PAGOS FUERA DE LA ´CONTABILIDAD ordinaria´

A su turno, Luciano Reguzzo, director técnico de Impregilo en Panamá entre 2007 y 2012, declaró ante los magistrados de Nápoles –Vincenzo Piscitelli y Henry John Woodcock– el pasado 28 de junio de 2013 que su empresa pagó hasta 70 mil dólares “de manera oculta y fuera de la contabilidad ordinaria” a Valter Lavítola.

Según los documentos judiciales consultados, Reguzzo detalló que el dinero se empleó en sufragar la visita a Panamá del ex primer ministro Silvio Berlusconi, en junio de 2010, y para costear unas vacaciones de lujo en Cerdeña del presidente Martinelli, en el verano de 2011, salvo unos 10 mil dólares en licor que consumieron durante su estancia de 48 horas, y que terminaron por pagarse con la tarjeta de crédito de uno de sus funcionarios.

Casi un año más tarde, citado como testigo en el juicio que se le imputa a Lavítola en el tribunal de Nápoles por haber extorsionado a Impregilo a instancias del exmandatario panameño, Reguzzo explicó que le pidieron que hiciera una transferencia “secreta y reservada” en una cuenta en Brasil, perteneciente a Lavítola.

El exdirectivo del coloso de la construcción italiano afirmó aquella vez que las empresas Astaldi, Ghella e Impregilo hicieron una maqueta del hospital pediátrico que en 2009 Berlusconi prometió construir en Veraguas.

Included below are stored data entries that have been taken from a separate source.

(* Assume there exists a $1$-perfect code in $H(q+1,q)$. Let $f$ be a $(b,c)$-coloring of $H(n,q)$ with main eigenvalue $\lambda$ such that the set of vertices of color $1$ can be partitioned into $k$-faces, and suppose $\lambda\le k(q-1)$. Then for every positive integer $r$ and all $t_1,\dots,t_r\in\{1,\dots,q\}$ there is a $\big(q^r(b+c)-t_1\cdots t_r c,\ t_1\cdots t_r c\big)$-coloring of $H\big(q^r n+(k(q-1)-\lambda)\frac{q^r-1}{q-1},\,q\big)$ with main eigenvalue $\lambda+k(q-1)(q^r-1)$.
   Context: The Hamming graph $H(n,q)$ has vertex set $\mathbb{Z}_q^n$, two vertices adjacent iff they differ in exactly one coordinate. A $k$-face is a set of vertices obtained by fixing $n-k$ coordinates and letting the other $k$ coordinates range over $\mathbb{Z}_q$. A $(b,c)$-coloring of $H(n,q)$ is a surjective map onto $\{1,2\}$ in which each color-1 vertex has exactly $b$ neighbours of color 2 and each color-2 vertex has exactly $c$ neighbours of color 1; its main eigenvalue is $n(q-1)-(b+c)$. A $1$-perfect code in $H(n,q)$ is a set $C$ of vertices such that every radius-$1$ Hamming ball contains exactly one element of $C$. *)

From HB Require Import structures.
From mathcomp Require Import all_boot all_order all_algebra.
Set Implicit Arguments. Unset Strict Implicit. Unset Printing Implicit Defensive.

Definition hvert (n q : nat) := {ffun 'I_n -> 'I_q}.

Definition hadj (n q : nat) (x y : hvert n q) : bool :=
  #|[set i : 'I_n | x i != y i]| == 1.

Definition is_face (n q k : nat) (F : {set hvert n q}) : Prop :=
  exists (S : {set 'I_n}) (a : hvert n q),
    #|S| = k /\ F = [set x : hvert n q | [forall i, (i \notin S) ==> (x i == a i)]].

Definition is_coloring (n q b c : nat) (f : hvert n q -> nat) : Prop :=
  (forall x, f x = 1 \/ f x = 2) /\
  (exists x, f x = 1) /\ (exists y, f y = 2) /\
  (forall x, f x = 1 -> #|[set y | hadj x y & f y == 2]| = b) /\
  (forall x, f x = 2 -> #|[set y | hadj x y & f y == 1]| = c).

Definition main_eigenvalue (n q b c : nat) : int :=
  (n * (q - 1))%:Z - (b + c)%:Z.

Definition color1_face_partition (n q k : nat) (f : hvert n q -> nat) : Prop :=
  exists P : {set {set hvert n q}},
    partition P [set x | f x == 1] /\ (forall F, F \in P -> is_face k F).

Definition perfect_code (n q : nat) (C : {set hvert n q}) : Prop :=
  forall x : hvert n q, #|[set y in C | (y == x) || hadj x y]| = 1.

Según relató ante los jueces, la maqueta fue entregada al Ministerio de Salud de Panamá y exhibida en el acto oficial de Martinelli y Berlusconi en 2010, en el que acordaron que su construcción costaría unos 22 millones dólares.

Además, Reguzzo relató que la financiación del hospital era en realidad “un modo oculto e indirecto” de ofrecer coimas a Martinelli –en el sumario se lee “utilidades económicas indebidas”– a través de Rogelio Oruña, quien se presentaba por entonces como persona vinculada a la empresa IBT Group. Esta revelación coincide con la tesis de la Fiscalía de Nápoles que sostiene que el hospital era en realidad una coima.

(Con información de Isabel Cardiel).